The A’s are men, the B’s are women, the quantities associated with each A and each B are 15 (pounds) and 12 (pounds), respectively. The total # of A’s and B’s is 30 and the total # of pounds associated with all the A’s and B’s is 393, so we can use our new method. If each person in the group lost 12 pounds, 360 pounds would be lost, so the additional 393 – 360 = 33 pounds must have been lost by the men. Since each man lost 3 pounds more than each woman, there must have been 33 ÷ 3 = 11 men in the group and 30 – 11 = 19 women.
Sometimes it’s not so obvious what the A’s, B’s and associated quantities are. Consider another weight-loss problem. The weight loss group consists of 12 men and 18 women and the weight lost by any intersex pair was 22 pounds. If the total weight lost by the whole group was 342 pounds, how much weight was lost by each man and how much by each woman?
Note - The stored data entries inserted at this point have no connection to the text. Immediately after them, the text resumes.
Variables (r N : nat) (e : nat -> V) (p q : nat -> qpath V A) (x : nat -> rcar M).
Hypothesis r_gt0 : (1 <= r)%N.
Hypothesis pq_shape : forall i, (1 <= i <= r)%N ->
  [/\ valid src tgt (p i) /\ valid src tgt (q i),
      (0 < plen (p i))%N /\ (0 < plen (q i))%N,
      psrc (p i) = psrc (q i), ptgt tgt (p i) = e i
    & ptgt tgt (q i) = e (sidx r i.+1)].
Hypothesis pq_nosub : forall k l, (1 <= k <= 2 * r)%N -> (1 <= l <= 2 * r)%N ->
  k <> l -> ~ subpath src tgt (pq_family r p q k) (pq_family r p q l).
Hypothesis x_gen : generated_by M (fun y => exists j, (1 <= j <= N)%N /\ y = x j).
Hypothesis x_glue : forall j, (1 <= j < N)%N ->
  ract M (q (sidx r j)) (x j) = ract M (p (sidx r j.+1)) (x j.+1).
Hypothesis x_socle :
  let y := fun j : nat => if j == 0%N then ract M (p (sidx r 1)) (x 1%N)
                          else ract M (q (sidx r j)) (x j) in
  (forall j, (j < N)%N -> y j \in socM M) /\
  (forall c : nat -> K, \sum_(0 <= j < N) c j *: y j = 0 ->
     forall j, (j < N)%N -> c j = 0).
Hypothesis x_annih : forall j, (1 <= j <= N)%N -> forall pth, valid src tgt pth ->
  ract M pth (x j) != 0 ->
  right_subpath src tgt pth (p (sidx r j)) \/
  ((j < N)%N /\ right_subpath src tgt pth (q (sidx r j))).

Definition string_socle (k : nat) : rcar M := ract M (p (sidx r k)) (x k).
Local Notation Y := string_socle.

Lemma string_socle_soc : (0 < N)%N -> Y 1 \in socM M.
Proof. by move=> N_gt0; have [/(_ 0%N N_gt0)] := x_socle. Qed.

Lemma string_socle_free : forall c : nat -> K,
  \sum_(1 <= k < N.+1) c k *: Y k = 0 -> forall k, (1 <= k <= N)%N -> c k = 0.
Proof.
move=> c c0 [//|k] /andP [_ kN]; apply: (proj2 x_socle (fun j => c j.+1)) kN.
rewrite -[RHS]c0 big_add1 /=; apply: eq_big_nat => j /andP [_ jN].
by case: j jN => [|j] jN //=; rewrite x_glue.
Qed.

Lemma free_string_socle : free [tuple Y i.+1 | i < N].
Proof.
apply/freeP => c c0 i; pose c' k := c (insubd i k.-1).
have -> : c i = c' i.+1 by rewrite /c' /= valKd.
apply: string_socle_free; last by have := ltn_ord i; lia.
rewrite big_add1 /= -[RHS]c0 big_mkord; apply: eq_bigr => j _.
by rewrite nth_mktuple /c' /= valKd.
Qed.

Lemma subpath_pp i k : (1 <= i <= r)%N -> (1 <= k <= r)%N ->
  subpath src tgt (p i) (p k) -> i = k.
Proof.
move=> ir kr sub; apply/eqP/negPn/negP => /eqP ik.
by apply: (pq_nosub (k := i) (l := k)); rewrite ?pq_family_p //; lia.
Qed.

Lemma subpath_qq i k : (1 <= i <= r)%N -> (1 <= k <= r)%N ->
  subpath src tgt (q i) (q k) -> i = k.
Proof.
move=> ir kr sub; apply/eqP/negPn/negP => /eqP ik.
by apply: (pq_nosub (k := i + r) (l := k + r)); rewrite ?pq_family_q //; lia.
Qed.

Lemma not_subpath_pq i k : (1 <= i <= r)%N -> (1 <= k <= r)%N ->
  ~ subpath src tgt (p i) (q k).
Proof.
move=> ir kr; have := @pq_nosub i (k + r).
by rewrite pq_family_p ?pq_family_q; try lia; apply; lia.
Qed.

Lemma not_subpath_qp i k : (1 <= i <= r)%N -> (1 <= k <= r)%N ->
  ~ subpath src tgt (q i) (p k).
Proof.
move=> ir kr; have := @pq_nosub (i + r) k.
by rewrite pq_family_q ?pq_family_p; try lia; apply; lia.
Qed.

Lemma ract_p_string i k pi : (1 <= i <= r)%N -> (1 <= k <= N)%N ->
  valid src tgt pi -> ptgt tgt pi = psrc (p i) ->
  ract M (pcomp (p i) pi) (x k) =
    if (i == sidx r k) && (plen pi == 0%N) then Y k else 0.
Proof.
move=> ir kN vpi pi_p; have [[vp _] [lp _] _ _ _] := pq_shape ir.
have sr := sidx_range k r_gt0.
case: ifP => [/andP [/eqP ik /eqP pi0] | not_kpi].
  by rewrite (pcomp_nil (tgt := tgt)) // ik.
apply/eqP; apply: contraFT not_kpi => nz.
have [|[_]] := x_annih kN (valid_pcomp vpi vp pi_p) nz;
  move=> /(right_subpath_pcomp vpi vp pi_p lp) [sub len]; last first.
  by case: (not_subpath_pq ir sr sub).
have ik := subpath_pp ir sr sub; rewrite -ik in len.
by rewrite ik eqxx /=; apply/eqP; lia.
Qed.

Lemma ract_q_string i k pi : (1 <= i <= r)%N -> (1 <= k <= N)%N ->
  valid src tgt pi -> ptgt tgt pi = psrc (q i) ->
  ract M (pcomp (q i) pi) (x k) =
    if [&& i == sidx r k, plen pi == 0%N & (k < N)%N] then Y k.+1 else 0.
Proof.
move=> ir kN vpi pi_q; have [[_ vq] [_ lq] _ _ _] := pq_shape ir.
have sr := sidx_range k r_gt0.
case: ifP => [/and3P [/eqP ik /eqP pi0 k_lt_N] | not_kpi].
  by rewrite (pcomp_nil (tgt := tgt)) // ik x_glue //; lia.
apply/eqP; apply: contraFT not_kpi => nz.
have [|[k_lt_N]] := x_annih kN (valid_pcomp vpi vq pi_q) nz;
  move=> /(right_subpath_pcomp vpi vq pi_q lq) [sub len].
  by case: (not_subpath_qp ir sr sub).
have ik := subpath_qq ir sr sub; rewrite -ik in len.
by rewrite ik eqxx k_lt_N /=; apply/eqP; lia.
Qed.

Definition shifted_pair (a b : rcar M) : Prop :=
  exists lam : nat -> K,
    a = \sum_(1 <= k < N.+1) lam k *: Y k /\ b = \sum_(1 <= k < N) lam k *: Y k.+1.

Lemma shifted_pair0 : shifted_pair 0 0.
Proof. by exists (fun=> 0); split; rewrite big1 // => k _; rewrite scale0r. Qed.

Lemma shifted_pairP c a b a' b' : shifted_pair a b -> shifted_pair a' b' ->
  shifted_pair (c *: a + a') (c *: b + b').
Proof.
move=> [lam [-> ->]] [lam' [-> ->]]; exists (fun k => c * lam k + lam' k).
by rewrite !scaler_sumr -!big_split; split; apply: eq_bigr => k _;
  rewrite scalerDl scalerA.
Qed.

Lemma shifted_pair_string k : (1 <= k <= N)%N ->
  shifted_pair (Y k) (if (k < N)%N then Y k.+1 else 0).
Proof.
move=> /andP [k_gt0 kN]; exists (fun l => (l == k)%:R).
by rewrite !big_nat_delta k_gt0 /= ltnS kN.
Qed.

Lemma shifted_pair_string_eq j b : (1 <= j < N)%N ->
  shifted_pair (Y j) b -> b = Y j.+1.
Proof.
move=> jN [lam [lamY ->]].
have lam_delta k : (1 <= k <= N)%N -> lam k = (k == j)%:R.
  move=> kN; apply/eqP; rewrite -subr_eq0; apply/eqP; move: k kN.
  apply: string_socle_free; under eq_bigr do rewrite scalerBl.
  by rewrite sumrB -lamY big_nat_delta ifT ?subrr //; lia.
rewrite (eq_big_nat _ _ (F2 := fun k => (k == j)%:R *: Y k.+1)).
  by rewrite big_nat_delta ifT.
by move=> k kN; rewrite lam_delta //; lia.
Qed.

Lemma shifted_pair_generator i k pi : (1 <= i <= r)%N -> (1 <= k <= N)%N ->
  valid src tgt pi ->
  shifted_pair (ract M (p i) (ract M pi (x k))) (ract M (q i) (ract M pi (x k))).
Proof.
move=> ir kN vpi; have [_ _ pq_src _ _] := pq_shape ir.
have [pi_p|pi_p] := eqVneq (ptgt tgt pi) (psrc (p i)); last first.
  by rewrite !(ract_nocomp reps_idem reps_orth rarr_reps) -?pq_src //;
    exact: shifted_pair0.
have pi_q : ptgt tgt pi = psrc (q i) by rewrite -pq_src.
rewrite !(ract_comp reps_idem rarr_reps) // ract_p_string // ract_q_string //.
case: (i == sidx r k); case: (plen pi == 0%N) => /=; try exact: shifted_pair0.
exact: shifted_pair_string.
Qed.

Lemma shifted_pair_ract i w : (1 <= i <= r)%N ->
  shifted_pair (ract M (p i) w) (ract M (q i) w).
Proof.
(* The w all of whose translates have shifted coordinates form a submodule
   containing the generators. *)
move=> ir; pose P w := forall pi, valid src tgt pi -> forall i, (1 <= i <= r)%N ->
  shifted_pair (ract M (p i) (ract M pi w)) (ract M (q i) (ract M pi w)).
have P0 : P 0 by move=> pi _ i' _; rewrite !ract0; exact: shifted_pair0.
have PD c w1 w2 : P w1 -> P w2 -> P (c *: w1 + w2).
  move=> P1 P2 pi vpi i' i'r; rewrite !ractP.
  by apply: shifted_pairP; [exact: P1 | exact: P2].
have P_ract sg w' : valid src tgt sg -> P w' -> P (ract M sg w').
  move=> vsg Pw pi vpi i' i'r.
  have [sg_pi|sg_pi] := eqVneq (ptgt tgt sg) (psrc pi).
    rewrite ![ract M pi _](ract_comp reps_idem rarr_reps) //.
    exact: Pw _ (valid_pcomp vsg vpi sg_pi) _ i'r.
  rewrite ![ract M pi _](ract_nocomp reps_idem reps_orth rarr_reps) // !ract0.
  exact: shifted_pair0.
have [U memU] := vspace_of_closed_pred P0 PD.
have U_full : U = fullv.
  apply: x_gen => [v | a | _ [k [kN ->]]].
  - apply/subvP => _ /memv_imgP [z /memU Pz ->]; apply/memU; exact: (P_ract (v, [::])).
  - apply/subvP => _ /memv_imgP [z /memU Pz ->]; apply/memU.
    rewrite (rarr_ract reps_idem rarr_reps); apply: P_ract Pz.
    by rewrite /valid /= eqxx.
  - by apply/memU => pi vpi i' i'r; exact: shifted_pair_generator.
have /memU Pw : w \in U by rewrite U_full memvf.
have [_ _ pq_src _ _] := pq_shape ir.
have := Pw (psrc (p i), [::]) isT i ir.
rewrite !(ract_comp reps_idem rarr_reps) -?pq_src //.
by rewrite !(pcomp_nil (tgt := tgt)) -?pq_src.
Qed.

Lemma string_step j w : (1 <= j < N)%N ->
  ract M (p (sidx r j)) w = Y j -> ract M (q (sidx r j)) w = Y j.+1.
Proof.
move=> jN pw; apply: shifted_pair_string_eq jN _.
by rewrite -pw; apply: shifted_pair_ract; exact: sidx_range.
Qed.

Definition socle_string_closed (B : rep V A K) : Prop :=
  [/\ forall y, y \in socM B -> exists z, reps B (e 1%N) y = ract B (p 1%N) z,
      forall i, (1 <= i <= r)%N -> forall z, ract B (q i) z \in socM B ->
        exists w, ract B (q i) z = ract B (p (sidx r i.+1)) w
    & forall i, (1 <= i <= r)%N -> forall z,
        ract B (p i) z \in socM B -> ract B (q i) z \in socM B].

Lemma string_in_limg (X : rep V A K) (h : 'Hom(rcar X, rcar M)) z1 :
  is_hom h -> socle_string_closed X ->
  ract X (p 1%N) z1 \in socM X -> h (ract X (p 1%N) z1) = Y 1 ->
  forall k, (1 <= k <= N)%N -> Y k \in limg h.
Proof.
move=> hom_h [_ q_to_p p_soc_q] z1soc hz1.
suff chain k : (1 <= k <= N)%N -> exists z,
    ract X (p (sidx r k)) z \in socM X /\ h (ract X (p (sidx r k)) z) = Y k.
  by move=> k /chain [z [_ <-]]; rewrite memv_img ?memvf.
elim: k => [//|k IHk] kN.
have [->|k_gt0] := posnP k; first by exists z1; rewrite sidx1.
have /IHk [z [zsoc hz]] : (1 <= k <= N)%N by lia.
have sr := sidx_range k r_gt0.
have [w] := q_to_p _ sr z (p_soc_q _ sr z zsoc); rewrite sidxS // => qw.
exists w; rewrite -qw; split; first exact: p_soc_q.
rewrite hom_ract //; apply: string_step; first lia.
by rewrite -hom_ract.
Qed.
Here, the A’s and B’s are the weights lost by each man and by each woman, respectively, the quantities associated with each A and B are 12 and 18, respectively and the total of all the weight lost is 342, so our method is still applicable. If there were only 12 women in the group, 12 · 22 = 264 pounds would be lost, so the additional 342 – 264 = 78 pounds must have been lost by the additional 18 – 12 = 6 women, so each woman lost 78 ÷ 6 = 13 pounds and each man lost 22 – 13 = 9 pounds.
If, instead of the intersex-pair weight-loss, we knew only that each woman lost 4 pounds more than each man, the A’s, B’s and associated quantities would still be the same, so we would reason that if each woman lost only as much as each man, then 18 · 4 = 72 fewer pounds would have been lost, so 342 – 72 = 270 pounds would have been lost. Therefore, each man lost 270 ÷ 30 = 9 pounds and each woman lost 9 + 4 = 13 pounds.
Practice Problems. Try these without using algebra. Determine four numbers: the total # of A’s and B’s, the total # of a specified item associated with the A’s and B’s, the # of the specified item associated with each A and the number of that item associated with each B. Then perform the appropriate operations with those numbers.
- If a cup of pudding has 135 calories and a cup of yogurt has 115 calories and 25 cups containing pudding or yogurt have 3,175 calories, how many of them contain pudding and how many contain yogurt?
- Bill went fishing and caught 14 trout and bass with a total weight of 82 pounds. If each trout weighs 5 pounds and each bass weighs 7 pounds, how many of each did Bill catch?
- A factory assembly line can be programmed to produce gadgets or gizmos. It takes 2 minutes and 24 seconds to produce a gadget and a minute and 20 seconds to produce a gizmo. If 194 items are produced in 6 hours, how many of each item are produced?
- On the first leg of Bob’s 9-day cross-country trip, he drove 425 miles each day, and on the second leg, he drove 375 miles each day. If he drove a total of 3,525 miles, of how many days did each leg of the trip consist?
- The first leg of Emily’s cross-country trip was 4 days and the second leg was 7 days. On each day of the first leg, she drove 40 miles more than she did on each day of the second leg. If she drove a total of 4230 miles, how many miles per day did she drive on each leg of her trip? (Hint: This is like the third weight-loss problem.)